Unfunded needs for local roads discussed at MoDOT public meeting
HANNIBAL, Mo. — Community concerns regarding local roads were voiced Thursday evening at a public meeting hosted by the local Missouri Department of Transportation.
The meeting was planned to discuss unfunded needs in the area.
MoDOT, working with its regional planning partners, has outlined a draft of high priority unfunded needs, which identifies $1.1 billion in annual unfunded transportation needs for the system.
The list was created to guide the development of needs into funded projects as state and federal transportation funds become available in future years.
After the presentation of the draft, some attendees expressed frustration at the lack of MoDOT funding in Northeast Missouri compared to other areas in the state.
Northeast Missouri includes the counties of Adair, Audrain, Clark, Knox, Lewis, Lincoln, Macon, Marion, Monroe, Montgomery, Pike, Ralls, Randolph, Schuyler, Scotland, Shelby, Warren.
The MoDOT Unfunded Needs draft allocates $258,000 to Northeast Missouri.
- Improve Bridge Conditions: $9,186
- Improve Road Conditions: $19,200
- Increase Economic Growth and Improve Safety: $182,614
- Major Interstate Reconstruction: $0
- Multimodal: $47,000
Northeast Missouri is right below Northwest Missouri, which is allocated $263,007. The only district receiving less than Northeast Missouri is Kansas City Rural District, which is listed at $175,000. Urban Kansas City is at $1,019,539.
Paula Gough, district engineer for Northeast Missouri at MoDOT, explained the MoDOT commission is a group of six individuals, with one of those seats currently vacant, appointed from all around the state who are appointed by Gov.
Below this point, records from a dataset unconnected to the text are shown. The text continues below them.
Lemma exists_irr_monic_dvdp (p : {poly K}) :
  (1 < size p)%N -> exists2 g, irr_monic g & g %| p.
Proof.
elim: {p}(size p).+1 {-2}p (ltnSn (size p)) => // n IH p lt_p_n lt_1p.
have [irr_p | red_p] := classic (irreducible_poly p).
  exists ((lead_coef p)^-1 *: p); first exact: irr_monic_scale.
  by rewrite dvdpZl ?invr_eq0 ?lead_coef_eq0 ?irredp_neq0.
have [q [q1 dvd_qp ndvd_pq]] :
    exists q : {poly K}, [/\ size q != 1%N, q %| p & ~~ (q %= p)].
  apply: NNPP => no_q; apply: red_p; split=> // q q1 dvd_qp.
  by apply: NNPP => ndvd; apply: no_q; exists q; split=> //; apply/negP.
have p0 : p != 0 by rewrite -size_poly_gt0 (ltn_trans _ lt_1p).
have q0 : q != 0 by apply: contra_neq p0 => q0; move: dvd_qp; rewrite q0 dvd0p => /eqP.
have lt_qp : (size q < size p)%N.
  by rewrite ltn_neqAle dvdp_size_eqp // (negPf ndvd_pq) dvdp_leq.
have [|g irr_g dvd_gq] := IH q (leq_trans lt_qp (ltnSE lt_p_n)).
  by rewrite ltn_neqAle eq_sym q1 size_poly_gt0.
by exists g => //; apply: dvdp_trans dvd_qp.
Qed.

Lemma irr_monic_factor_ind (S : {poly K} -> Prop) :
  (forall c, c != 0 -> S c%:P) -> (forall p q, S p -> S q -> S (p * q)) ->
  forall h, h != 0 -> (forall g, irr_monic g -> g %| h -> S g) -> S h.
Proof.
move=> SC SM h.
elim: {h}(size h).+1 {-2}h (ltnSn (size h)) => // n IH h lt_h_n h0 Sdvd.
have [le_h1 | lt_1h] := leqP (size h) 1.
  rewrite (size1_polyC le_h1); apply: SC.
  by apply: contra_neq h0 => c0; rewrite (size1_polyC le_h1) c0.
have [g irr_g dvd_gh] := exists_irr_monic_dvdp lt_1h.
have [_ [lt_1g _]] := irr_g.
have g0 : g != 0 by rewrite -size_poly_gt0 ltnW.
have Eh : h = h %/ g * g by rewrite divpK.
have q0 : h %/ g != 0 by apply: contra_neq h0 => q0; rewrite Eh q0 mul0r.
have lt_qh : (size (h %/ g)%R < size h)%N.
  by rewrite size_divp // ltn_subrL -subn1 subn_gt0 lt_1g (ltnW lt_1h).
rewrite Eh; apply: SM; last exact: Sdvd.
apply: IH (leq_trans lt_qh _) q0 _ => // f irr_f dvd_f.
by apply: Sdvd; rewrite // (dvdp_trans dvd_f) ?divp_dvd.
Qed.

End IrreducibleFactors.

Section KernelImage.
Variables (K : fieldType) (V : lmodType K) (theta : {linear V -> V}).
Local Notation ev p := (peval p theta).
Local Notation KER p := (Ker p theta).
Local Notation IM p := (Im p theta).

Lemma ker_dvdp (p q : {poly K}) x : p %| q -> KER p x -> KER q x.
Proof. by move=> /divpK <- kx; rewrite /Ker pevalM kx linear0. Qed.

Lemma im_dvdp (p q : {poly K}) x : p %| q -> IM q x -> IM p x.
Proof. by move=> /divpK <- [w ->]; exists (ev (q %/ p) w); rewrite mulrC pevalM. Qed.

Lemma im_add (p : {poly K}) x y : IM p x -> IM p y -> IM p (x + y).
Proof. by move=> [a ->] [b ->]; exists (a + b); rewrite linearD. Qed.

Lemma im_sub (p : {poly K}) x y : IM p x -> IM p y -> IM p (x - y).
Proof. by move=> [a ->] [b ->]; exists (a - b); rewrite linearB. Qed.

Lemma im_scale c (q : {poly K}) x : c != 0 -> IM q x -> IM (c%:P * q) x.
Proof.
move=> c0 [w ->]; exists (c^-1 *: w).
by rewrite pevalM pevalC linearZ scalerA divff // scale1r.
Qed.

Section Bezout.
Variables (p q a b : {poly K}).
Hypothesis bezout : a * p + b * q = 1.

Lemma peval_bezout x : x = ev (a * p) x + ev (b * q) x.
Proof. by rewrite -pevalD bezout peval1. Qed.

Lemma ker_coprime_eq0 x : KER p x -> KER q x -> x = 0.
Proof.
move=> kp kq; rewrite (peval_bezout x) !pevalM.
by rewrite [ev p x]kp [ev q x]kq !linear0 addr0.
Qed.

Lemma ker_coprimeM x : KER (p * q) x -> exists y z, [/\ KER p y, KER q z & x = y + z].
Proof.
move=> kpq; exists (ev (b * q) x), (ev (a * p) x); split.
- by rewrite /Ker -pevalM mulrCA pevalM kpq linear0.
- by rewrite /Ker -pevalM mulrCA pevalM mulrC kpq linear0.
- by rewrite addrC -peval_bezout.
Qed.

Lemma im_coprimeM x : IM p x -> IM q x -> IM (p * q) x.
Proof.
move=> [y ->] [z Ez]; exists (ev a z + ev b y).
rewrite {1}(peval_bezout (ev p y)) linearD /=; congr (_ + _).
  by rewrite Ez -!pevalM; congr (ev _ z); ring.
by rewrite -!pevalM; congr (ev _ y); ring.
Qed.

Lemma ker_coprime_im x : KER q x -> IM p x.
Proof.
move=> kq; exists (ev a x).
by rewrite {1}(peval_bezout x) [ev (b * q) x]pevalM kq linear0 addr0 -pevalM mulrC.
Qed.

End Bezout.

Lemma coprimep_bezout (p q : {poly K}) :
  coprimep p q -> exists a b : {poly K}, a * p + b * q = 1.
Proof. by move=> /Bezout_eq1_coprimepP [[a b] /= Eab]; exists a, b. Qed.

Definition fitting (Q : {poly K}) : Prop :=
  (forall x, KER (Q * Q) x -> KER Q x) /\ (forall x, IM Q x -> IM (Q * Q) x).

Lemma fitting_dsum2 Q : fitting Q -> dsum2 (fun _ => True) (IM Q) (KER Q).
Proof.
move=> [kerQ2 imQ2]; split=> [v | v [y ->] kQy]; last first.
  by apply: kerQ2; rewrite /Ker pevalM.
split=> // _; have [y Ey] : IM (Q * Q) (ev Q v) by apply: imQ2; exists v.
exists (ev Q y), (v - ev Q y).
split; [by exists y | split; last by rewrite addrC subrK].
by rewrite /Ker linearB /= Ey pevalM subrr.
Qed.

Lemma fittingM (p q : {poly K}) :
  coprimep p q -> fitting p -> fitting q -> fitting (p * q).
Proof.
move=> co [kp ip] [kq iq]; split=> x.
- rewrite /Ker => kx.
  have kpp : KER (p * p) (ev (q * q) x) by rewrite /Ker -pevalM -kx mulrACA.
  have kqq : KER (q * q) (ev p x) by rewrite /Ker peval_comm; apply: kp.
  by rewrite pevalM peval_comm; apply: kq.
- have [a [b Eab]] := coprimep_bezout (coprimep_expl 2 (coprimep_expr 2 co)).
  rewrite mulrACA -!expr2 => ix; apply: (im_coprimeM Eab).
    by rewrite expr2; apply/ip/(im_dvdp _ ix)/dvdp_mulr.
  by rewrite expr2; apply/iq/(im_dvdp _ ix)/dvdp_mull.
Qed.

Lemma fitting_prod (I : eqType) (s : seq I) (p : I -> {poly K}) :
  uniq s -> {in s &, forall i j, i != j -> coprimep (p i) (p j)} ->
  (forall i, i \in s -> fitting (p i)) -> fitting (\prod_(i <- s) p i).
Proof.
elim: s => [|i s IH] uniq_s co fit; first by rewrite big_nil /fitting mulr1.
have [co_i co_s] := coprime_family_cons uniq_s co.
move: uniq_s => /andP[_ uniq_s]; rewrite big_cons.
apply: fittingM co_i _ (IH uniq_s co_s _) => [|j js]; apply: fit.
  exact: mem_head.
by rewrite inE js orbT.
Qed.

Lemma fitting_exp (p : {poly K}) n :
  (forall x, KER (p ^+ n.+1) x -> KER (p ^+ n) x) ->
  (forall x, IM (p ^+ n) x -> IM (p ^+ n.+1) x) -> fitting (p ^+ n).
Proof.
move=> kerS imS.
have kerD k x : KER (p ^+ (n + k)) x -> KER (p ^+ n) x.
  elim: k x => [|k IH] x; rewrite ?addn0 // => kx; apply: IH.
  rewrite /Ker exprD pevalM; apply: kerS.
  by rewrite /Ker -pevalM -exprD addSn -addnS.
have imD k x : IM (p ^+ n) x -> IM (p ^+ (n + k)) x.
  elim: k x => [|k IH] x; rewrite ?addn0 // => /IH [y ->].
  have [z Ez] := imS _ (ex_intro _ y erefl); exists z.
  by rewrite addnC exprD pevalM Ez -pevalM -exprD !addnS addnC.
by split=> x; rewrite -exprD; [apply: kerD | apply: imD].
Qed.

Lemma im_absorbM (Q p q : {poly K}) :
  (forall x, IM Q x -> IM (p * Q) x) -> (forall x, IM Q x -> IM (q * Q) x) ->
  forall x, IM Q x -> IM (p * q * Q) x.
Proof.
move=> absorb_p absorb_q x /absorb_q [y ->].
have [z Ez] := absorb_p _ (ex_intro _ y erefl); exists z.
by rewrite pevalM Ez -!pevalM mulrCA mulrA.
Qed.

Lemma im_absorb_irr_monic (Q h : {poly K}) : h != 0 ->
  (forall g, irr_monic g -> g %| h -> forall x, IM Q x -> IM (g * Q) x) ->
  forall x, IM Q x -> IM (h * Q) x.
Proof.
apply: (irr_monic_factor_ind (S := fun h => forall x, IM Q x -> IM (h * Q) x)).
  by move=> c c0 x; apply: im_scale.
by move=> p q; apply: im_absorbM.
Qed.

Lemma dsum2_im_coprime (p q : {poly K}) :
  coprimep p q -> fitting q -> dsum2 (IM p) (IM (p * q)) (KER q).
Proof.
move=> co fit_q; have [a [b Eab]] := coprimep_bezout co.
have [IMq_KERq IMq_KERq_eq0] := fitting_dsum2 fit_q.
split=> [x | x ipq kq]; last first.
  by apply: IMq_KERq_eq0 kq; apply: im_dvdp ipq; apply: dvdp_mull.
split=> [ix | [y [z [ipq [kq ->]]]]].
  have [y [z [iq [kq Ex]]]] := (IMq_KERq x).1 I.
  have ip_z : IM p z := ker_coprime_im Eab kq.
  have ip_y : IM p y by rewrite -[y](addrK z) -Ex; apply: im_sub.
  by exists y, z; split; first exact: (im_coprimeM Eab ip_y iq).
apply: im_add (ker_coprime_im Eab kq).
by apply: im_dvdp ipq; apply: dvdp_mulr.
Qed.

Lemma ker_sum_prod (I : eqType) (s : seq I) (p : I -> {poly K}) (w : I -> V) :
  (forall i, i \in s -> KER (p i) (w i)) ->
  KER (\prod_(i <- s) p i) (\sum_(i <- s) w i).
Proof.
move=> kw; rewrite /Ker linear_sum big1_seq // => i /= i_s.
by apply: ker_dvdp (kw i i_s); rewrite (big_rem i i_s) dvdp_mulIl.
Qed.

Lemma ker_prod_sum (I : eqType) (s : seq I) (p : I -> {poly K}) :
  uniq s -> {in s &, forall i j, i != j -> coprimep (p i) (p j)} ->
  forall x, KER (\prod_(i <- s) p i) x ->
  exists w : I -> V, (forall i, i \in s -> KER (p i) (w i)) /\ x = \sum_(i <- s) w i.
Proof.
elim: s => [|i s IH] uniq_s co x.
  by rewrite big_nil /Ker peval1 => ->; exists (fun=> 0); rewrite big_nil.
have [co_i co_s] := coprime_family_cons uniq_s co.
have [a [b Eab]] := coprimep_bezout co_i; move: uniq_s => /andP[i_s uniq_s].
rewrite big_cons => /(ker_coprimeM Eab) [y [z [ky kz ->]]].
have [w [kw ->]] := IH uniq_s co_s z kz.
exists (fun j => if j == i then y else w j); split.
  by move=> j; rewrite inE; case: eqP => [-> | _] //= /kw.
rewrite big_cons eqxx; congr (_ + _); apply: eq_big_seq => j js.
by case: eqP js => // ->; rewrite (negPf i_s).
Qed.

Lemma ker_prod_indep (I : eqType) (s : seq I) (p : I -> {poly K}) :
  uniq s -> {in s &, forall i j, i != j -> coprimep (p i) (p j)} ->
  forall w : I -> V, (forall i, i \in s -> KER (p i) (w i)) ->
  \sum_(i <- s) w i = 0 -> forall i, i \in s -> w i = 0.
Proof.
elim: s => [|i s IH] uniq_s co w kw //.
have [co_i co_s] := coprime_family_cons uniq_s co.
have [a [b Eab]] := coprimep_bezout co_i; move: uniq_s => /andP[i_s uniq_s].
have kw_s j : j \in s -> KER (p j) (w j) by move=> js; apply: kw; rewrite inE js orbT.
rewrite big_cons => sum0.
have wi0 : w i = 0.
  apply: (ker_coprime_eq0 Eab); first by apply: kw; rewrite mem_head.
  have -> : w i = - \sum_(j <- s) w j by apply/eqP; rewrite -addr_eq0 sum0.
  by rewrite /Ker linearN /= (ker_sum_prod kw_s) oppr0.
move: sum0; rewrite wi0 add0r => sum0 j; rewrite inE => /predU1P [-> // | js].
exact: IH uniq_s co_s w kw_s sum0 j js.
Qed.

Lemma dsum2_eqr (U A B B' : V -> Prop) :
  (forall v, B v <-> B' v) -> dsum2 U A B -> dsum2 U A B'.
Proof.
move=> eqB [sumUAB capAB]; split=> [v | v av /eqB]; last exact: capAB.
rewrite sumUAB; split=> -[a [b [av [bv ->]]]]; exists a, b; do 2!split=> //; exact/eqB.
Qed.

Lemma dsum_fam_ker_prod (I : choiceType) (U A : V -> Prop) (S : {fset I})
    (p : I -> {poly K}) :
  {in S &, forall i j, i != j -> coprimep (p i) (p j)} ->
  dsum2 U A (KER (\prod_(i <- S) p i)) -> dsum_fam U A S (fun i => KER (p i)).
Proof.
move=> co dsumUAK; split; last exact: ker_prod_indep (fset_uniq S) co.
apply: dsum2_eqr dsumUAK => v; split; first exact: ker_prod_sum (fset_uniq S) co v.
by move=> [w [kw ->]]; apply: ker_sum_prod.
Qed.

End KernelImage.

Local Open Scope fset_scope.

Section ConfigurationPolynomials.
Variables (K : fieldType) (C : kconfig K).

Lemma in_pos_fin_Cexp f : in_pos_fin C f -> kc_c C f = Some (Cexp C f).
Proof. by move=> [_ [n [Cf _]]]; rewrite /Cexp Cf. Qed.

Lemma FC_fsetD1 (F : {fset {poly K}}) g :
  g \in F -> FC C F = g ^+ Cexp C g * FC C (F `\ g).
Proof. exact: big_fsetD1. Qed.

Lemma FC_fsetD (F F' : {fset {poly K}}) :
  F `<=` F' -> FC C F' = FC C F * FC C (F' `\` F).
Proof.
move=> subFF'; rewrite /FC (big_fsetID _ (fun f => f \in F)) /=.
congr (_ * _); apply: eq_fbigl => f.
  rewrite !inE /=; apply/andP/idP => [[] // | fF]; split=> //; exact: (fsubsetP subFF').
by rewrite !inE /= andbC.
Qed.

Lemma coprimep_X_FC (F : {fset {poly K}}) g n :
  (forall f, f \in F -> irr_monic f) -> irr_monic g -> g \notin F ->
  coprimep (g ^+ n) (FC C F).
Proof.
move=> irrF irr_g gNF; apply: coprimep_prodr => f fF.
by apply: coprimep_irr_monic; [| exact: irrF | apply: contraNneq gNF => ->].
Qed.

Lemma coprimep_FC (F G : {fset {poly K}}) :
  (forall f, f \in F -> irr_monic f) -> (forall g, g \in G -> irr_monic g) ->
  (forall g, g \in G -> g \notin F) -> coprimep (FC C F) (FC C G).
Proof.
move=> irrF irrG disj; apply: coprimep_prodr => g gG; rewrite coprimep_sym.
by apply: coprimep_X_FC; [exact: irrF | exact: irrG | exact: disj].
Qed.

Lemma MiPo_split s f n : kc_support C s -> irr_monic f -> kc_c C f = Some n ->
  exists2 R, MiPo C s = f ^+ n * R & coprimep f R.
Proof.
move=> [uniq_s supp] irr_f Cf.
have coprime_f g : irr_monic g -> f != g -> coprimep f (g ^+ Cexp C g).
  by move=> irr_g neq_fg; rewrite -[f]expr1; apply: coprimep_irr_monic.
have [fs | fNs] := boolP (f \in s).
  exists (\prod_(g <- rem f s) g ^+ Cexp C g).
    by rewrite /MiPo (big_rem f fs) /Cexp Cf.
  apply: coprimep_prodr => g; rewrite mem_rem_uniq // => /andP[neq_gf gs].
  by apply: coprime_f; [apply supp | rewrite eq_sym].
have n0 : n = 0%N.
  apply/eqP; apply: contraNT fNs => nz; apply/supp; split=> //.
  by rewrite Cf => -[n_eq0]; rewrite n_eq0 eqxx in nz.
exists (MiPo C s); first by rewrite n0 mul1r.
apply: coprimep_prodr => g gs; apply: coprime_f; first by apply supp.
by apply: contraNneq fNs => ->.
Qed.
Parson to govern MoDOT funding.
Kevin James, assistant engineer for Northeast Missouri at MoDOT, further explained the commission’s job.
“The legislature approves MoDot’s budget and then the commission distributes how that money is distributed across Missouri. So in the NE district we get those resources then prioritize our projects,” he said.
Louis Riggs, Missouri representative for Marion and Ralls Counties (District 5) in the Missouri House of Representatives, believes that when MoDOT receives money from the general assembly the district’s state representative should have a say in where it goes.
Riggs said the MoDOT commission comprises only six commissioners, with none from Northeast Missouri, compared to 197 state representatives who are all over the state daily accessing the needs.
“I have talked to a number of commissioners over the years and I am satisfied that they are solid citizens and responsible people, but they can’t be everywhere all the time,” he said. “At the end of the day, though, it’s rather disconcerting to realize that you put $100 mil into low volume roads, and you don’t control where it goes.”
James said MoDOT collaborates with various MoDOT employees to evaluate needs.
“Our planning manager works with our road condition but our maintenance staff also puts together their plan so we have to be sure we do a good job coordinating between those two to get a complete picture to spend the dollars the best we can with what we have,” he said.
Riggs said the level of priority placed on traffic count often causes the commission to overlook the rural road problem of weight.
With the agriculture industry having grown into the use of semi trucks, many rural roads are absorbing up to 60,000 lbs when they were made to support much lighter loads.
Gough agreed that the rural roads were not intended for that kind of use when they were built.
“I have been at MoDOT since 1995, and agriculture is very important and very vital, so nothing I am saying is disparaging to anything related to agriculture. But the fact is, they have moved to having semis and their equipment has gotten larger,” she said. “They were never truly designed like our major highways, and that is a challenge.”
Gough said although MoDOT can load limit bridges, they do not have the authority to place a load limit on a road.
David Lomax, presiding commissioner of Marion County, brought up the Hannibal Expressway, also know as the Highway 61 bypass, which would reroute traffic from US 61 around Hannibal instead of straight through it.
This would alleviate Hannibal’s main road from the more than 4,000 semi trucks that roll through the town every day.
Lomax brought up safety concerns on US 61 along McMasters Avenue in Hannibal from the traffic. He reported about two or three fatalities a year from vehicles failing to stop at the traffic light coming into Hannibal from Palmyra.
He also expressed concern about tanker trucks carrying hazardous material within a hundred yards of the Hannibal High School and Middle School. He said if a truck carrying hazmat overturned and caught fire, the evacuation radius would be at least a mile.
Gough told Lomax a city advisory group will come together in the fall to update an environmental study done on possible routes.
The funding for the project would then have to be placed in the tier system.
Lomax hopes they will soon move out of the environmental phase and into planning and construction.
“This is like the third time that they’ve done an environmental study. If they don’t build it pretty soon, all the routes they’ve picked over the years are going to be occupied by subdivisions,” he said.